(* Let $C$ and $C'$ be configurations on the same board of $l$ rows and $w$ columns containing $n$ tiles. If $C$ can be reconfigured into $C'$ by a sequence of steps each in direction west, south, or east, then there exists a step sequence $S$ of length $O(n l w^2)$, using only west, south and east steps, such that applying $S$ to $C$ yields $C'$.
   Context: A board is a rectangular region of the square lattice, formally a partition $B=(O,W)$ of a rectangular set of grid points into open locations $O$ and blocked locations $W$. A tile is a labeled unit square centered on an open location. A configuration $C=(B,P)$ consists of a board $B$ and a set $P$ of tiles, no two at the same location and none at a blocked location. A step in direction $d\in\{N,E,S,W\}$ transforms a configuration as follows: consider translating every tile by one unit in direction $d$; every tile whose translation would land on a blocked location is temporarily added to the blocked set, and this is repeated until no remaining tile's translation lands on a blocked location; then all remaining tiles are translated by one unit in direction $d$. A step sequence is a sequence of directions, applied as successive steps. $C$ can be reconfigured into $C'$ if some step sequence applied to $C$ yields $C'$. *)

From mathcomp Require Import all_boot.
Set Implicit Arguments. Unset Strict Implicit. Unset Printing Implicit Defensive.

(* Directions of steps.  Rows are numbered 0..l-1 from north to south,
   columns 0..w-1 from west to east. *)
Inductive dir := North | East | South | West.

Definition opp (d : dir) : dir :=
  match d with North => South | South => North | East => West | West => East end.

Definition pos (l w : nat) := ('I_l * 'I_w)%type.

(* The neighbour of p in direction d, or None if it lies outside the
   rectangular board (outside locations behave as blocked). *)
Definition shift {l w : nat} (d : dir) (p : pos l w) : option (pos l w) :=
  match d with
  | North => if nat_of_ord p.1 is r.+1
             then omap (fun r' : 'I_l => (r', p.2)) (insub r) else None
  | South => omap (fun r' : 'I_l => (r', p.2)) (insub (nat_of_ord p.1).+1)
  | East  => omap (fun c' : 'I_w => (p.1, c')) (insub (nat_of_ord p.2).+1)
  | West  => if nat_of_ord p.2 is c.+1
             then omap (fun c' : 'I_w => (p.1, c')) (insub c) else None
  end.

------

In the data above, find each line that uses the string "Definition". Copy it.

Definition opp (d : dir) : dir :=
Definition pos (l w : nat) := ('I_l * 'I_w)%type.
Definition shift {l w : nat} (d : dir) (p : pos l w) : option (pos l w) :=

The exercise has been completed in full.